In the following, we first show how to use imageHTS to analyse a microscopy-based
RNA interference (RNAi) screen by automated cell segmentation and extraction of
morphological cell features. In a second example, we demonstrate how to access
and analyse data from a remote screen repository.
\section{Analysis of a microscopy-based screen}
The \Robject{kimorph} screen is an RNAi screen where HeLa cells were fixed 48 h after
siRNA transfection and stained for DNA, tubulin and actin. The screen assays 800
siRNAs and is described in \cite{pmid20531400}. In this section, we are analyzing
a 12-well subset of this screen, of reduced image quality (due to package size considerations),
located in the \Robject{inst/submorph} directory of the imageHTS package.
\subsection{Initialization}
In imageHTS, screen data files can be accessed in two locations: in
a local repository, indicated by \Robject{localPath}, or in an optional remote server
designated by \Robject{serverURL}. If a file is not present in the local repository,
e.g. for storage capacity reasons, imageHTS automatically retrieves the corresponding file
from the remote server to the local repository. This dual repository feature is useful
when screen data is stored in a different location from where it is analysed.

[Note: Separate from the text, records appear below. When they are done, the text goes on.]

(* Write f = sum_m (d!/m!) c_m u^m over the exponents m of degree d, with
   c_m = c_{m_1,m_2}.  Each operator acts on f as a derivation of K[A] plus a vector
   field on the u's, so the coefficient of u^m in D f = 0 is a relation among the
   c's: D_A c_m = -m_b c_{m - e_b + e_a} when D acts as u_b d/du_a on the u's, and
   E_A c_m = (m_a' - m_a) c_m for the two Cartan elements.  Hence hD3, hD2 raise
   c_{0,0} to every c_{i,j} (this is (iii)), D3, D2 lower every c_{i,j} to a nonzero
   multiple of c_{0,0}, and E1, E2 act diagonally on the c_{i,j} with pairwise
   distinct weights.  So C_d is a module, and a submodule meeting C_d nontrivially
   contains a weight component, i.e. some c_{i,j}, hence c_{0,0}, hence all of C_d. *)

Section CharZero.
Variable R : idomainType.
Hypothesis R_char0 : [pchar R] =i pred0.

Lemma natf_neq0 m : (0 < m)%N -> m%:R != 0 :> R.
Proof. by rewrite ((pcharf0P R).1 R_char0) -lt0n. Qed.

Lemma natf_inj : injective (fun m => m%:R : R).
Proof.
move=> a b /eqP; wlog ab : a b / (a <= b)%N => [hw|].
  by case: (leqP a b) => [|/ltnW] ba; [|rewrite eq_sym]; move/hw=> ->.
rewrite eq_sym -subr_eq0 -natrB // ((pcharf0P R).1 R_char0) subn_eq0 => ba.
by apply/eqP; rewrite eqn_leq ab.
Qed.

Lemma natf_subr_inj a b a' b' :
  a%:R - b%:R = a'%:R - b'%:R :> R -> (a + b' = a' + b)%N.
Proof.
move=> h; apply: natf_inj; apply/eqP; rewrite /= !natrD -subr_eq0.
have -> : a%:R + b'%:R - (a'%:R + b%:R) = (a%:R - b%:R) - (a'%:R - b'%:R) :> R.
  by ring.
by rewrite h subrr.
Qed.

End CharZero.

Section MonomialCoefficients.
Variables (R : nzRingType) (k : nat).
Implicit Types (p : {mpoly R[k]}) (m : 'X_{1..k}).

Lemma mcoeff_mulX p b m :
  (p * 'X_b)@_m = if (0 < m b)%N then p@_(m - U_(b)) else 0.
Proof.
case: ifP => [mb_gt0 | mb_eq0].
  by rewrite -{1}(@submK _ U_(b) m) ?lep1mP -?lt0n // addmC mcoeffMX.
rewrite mcoeffM big1 // => m' /eqP mE.
rewrite mcoeffX; case: eqP => [bE | _]; last by rewrite mulr0.
by rewrite mE mnmDE -bE mnm1E eqxx addn1 in mb_eq0.
Qed.

Lemma mcoeff_mderiv_mulX_diag p a m : (mderiv a p * 'X_a)@_m = p@_m *+ m a.
Proof.
rewrite mcoeff_mulX mcoeff_mderiv; case: ifP => [ma_gt0 | /negbT].
  by rewrite submK ?lep1mP -?lt0n // mnmBE mnm1E eqxx subn1 prednK.
by rewrite -eqn0Ngt => /eqP ->.
Qed.

Definition mfact m := (\prod_(t < k) (m t)`!)%N.

Lemma mfactDU m a : mfact (m + U_(a)) = ((m a).+1 * mfact m)%N.
Proof.
rewrite /mfact (bigD1 a) //= [in RHS](bigD1 a) //= mulnA mnmDE mnm1E eqxx addn1.
congr (_ * _)%N; apply: eq_bigr => t ta.
by rewrite mnmDE mnm1E eq_sym (negbTE ta) addn0.
Qed.

Lemma mfact_gt0 m : (0 < mfact m)%N.
Proof. by rewrite prodn_gt0 // => t; exact: fact_gt0. Qed.

End MonomialCoefficients.

Definition mon3 (i j k : nat) : 'X_{1..3} :=
  [multinom (nth 0%N [:: i; j; k] t) | t < 3].

Lemma mon3E i j k (t : 'I_3) : mon3 i j k t = nth 0%N [:: i; j; k] t.
Proof. exact: mnmE. Qed.

Lemma eq_mon3 i j k i' j' k' :
  (mon3 i j k == mon3 i' j' k') = [&& i == i', j == j' & k == k'].
Proof.
apply/eqP/and3P => [/mnmP mE | [/eqP-> /eqP-> /eqP->] //].
by have := mE 0; have := mE 1; have := mE 2; rewrite !mon3E /= => -> -> ->.
Qed.

Lemma mon3_eta (m : 'X_{1..3}) : m = mon3 (m 0) (m 1) (m 2).
Proof.
apply/mnmP => t; rewrite mon3E.
by case: t => [[|[|[|//]]] ?]; congr (m _); apply: val_inj.
Qed.

Lemma mdeg_mon3 i j k : mdeg (mon3 i j k) = (i + j + k)%N.
Proof. by rewrite mdegE !big_ord_recr big_ord0 !mon3E /= add0n. Qed.

Lemma mfact_mon3 i j k : mfact (mon3 i j k) = (i`! * j`! * k`!)%N.
Proof. by rewrite /mfact !big_ord_recr big_ord0 !mon3E /= mul1n. Qed.

Lemma mpolyX_mon3 (R : nzRingType) i j k :
  'X_(2 : 'I_3) ^+ k * 'X_(0 : 'I_3) ^+ i * 'X_(1 : 'I_3) ^+ j
    = 'X_[mon3 i j k] :> {mpoly R[3]}.
Proof.
rewrite !mpolyXn -!mpolyXD; congr mpolyX; apply/mnmP => t.
rewrite !mnmDE !mulmnE !mnm1E mon3E.
by case: t => [[|[|[|]]] ?] //=; rewrite ?mul0n ?mul1n ?add0n ?addn0.
Qed.

Section Triangle.
Variable d : nat.

Definition triangle : {set 'I_d.+1 * 'I_d.+1} :=
  [set x : 'I_d.+1 * 'I_d.+1 | (x.1 + x.2 <= d)%N].

Lemma sum_triangle (V : nmodType) (F : nat -> nat -> V) :
  \sum_(i < d.+1) \sum_(j < d.+1 | (i + j <= d)%N) F i j
    = \sum_(x in triangle) F x.1 x.2.
Proof. by rewrite pair_big_dep; apply: eq_bigl => x; rewrite inE. Qed.

Lemma sum_triangle_delta (V : nmodType) (F : nat -> nat -> V) (i0 j0 : nat) :
  \sum_(i < d.+1) \sum_(j < d.+1 | (i + j <= d)%N)
     (if (i == i0 :> nat) && (j == j0 :> nat) then F i j else 0)
  = if (i0 + j0 <= d)%N then F i0 j0 else 0.
Proof.
rewrite (sum_triangle (fun i j => if (i == i0) && (j == j0) then F i j else 0)).
case: leqP => [hij | hij]; last first.
  rewrite big1 // => x; rewrite inE; case: andP => // [[/eqP-> /eqP->]].
  by rewrite leqNgt hij.
have x0T : (inord i0, inord j0) \in triangle by rewrite inE /= !inordK //; lia.
rewrite (bigD1 _ x0T) /= !inordK ?eqxx; try lia.
rewrite big1 ?addr0 // => -[a b] /andP [_ abx0].
case: andP => // [[/eqP ai /eqP bj]].
by move: abx0; rewrite xpair_eqE -!val_eqE /= !inordK ?ai ?bj ?eqxx //; lia.
Qed.

End Triangle.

After loading the package imageHTS, we initialize an imageHTS object with
\Rfunction{parseImageConf}. The function takes 3
arguments: an imageHTS configuration file and the variables \Robject{localPath} and
\Robject{serverURL}. The imageHTS configuration file, in DCF format, describes
the general screen configuration: where the microscopy images are located and how the
plates and wells are named. We are using the imageHTS configuration file shown
in section~\ref{sec:conf}. A detailed description of the imageHTS configuration
file can be found in the manual pages of \Rfunction{parseImageConf}. We set the
variable \Robject{localPath} to a temporary directory, for storing intermediate
analysis files. The variable \Robject{serverURL} can point either to a directory
or an external URL. In the following example, \Robject{serverURL} points to the
submorph screen data directory of the imageHTS package, which contains the source
images acquired from the microscope.
<<init, results=hide, echo=FALSE>>=
display = function(...) {invisible()}
@
<<library, results=hide>>=
library('imageHTS')
@
<<parseImageConf>>=
localPath = tempdir()
serverURL = system.file('submorph', package='imageHTS')
x = parseImageConf('conf/imageconf.txt', localPath=localPath, serverURL=serverURL)
@
The imageHTS object \Robject{x} is now instantiated. The function \Rfunction{configure}
configures the screen by providing the screen description, the plate configuration layout (how sample,
control and empty wells are located in the plates) and the screen log. The
function \Rfunction{annotate} sets up the mapping between reagents and gene targets.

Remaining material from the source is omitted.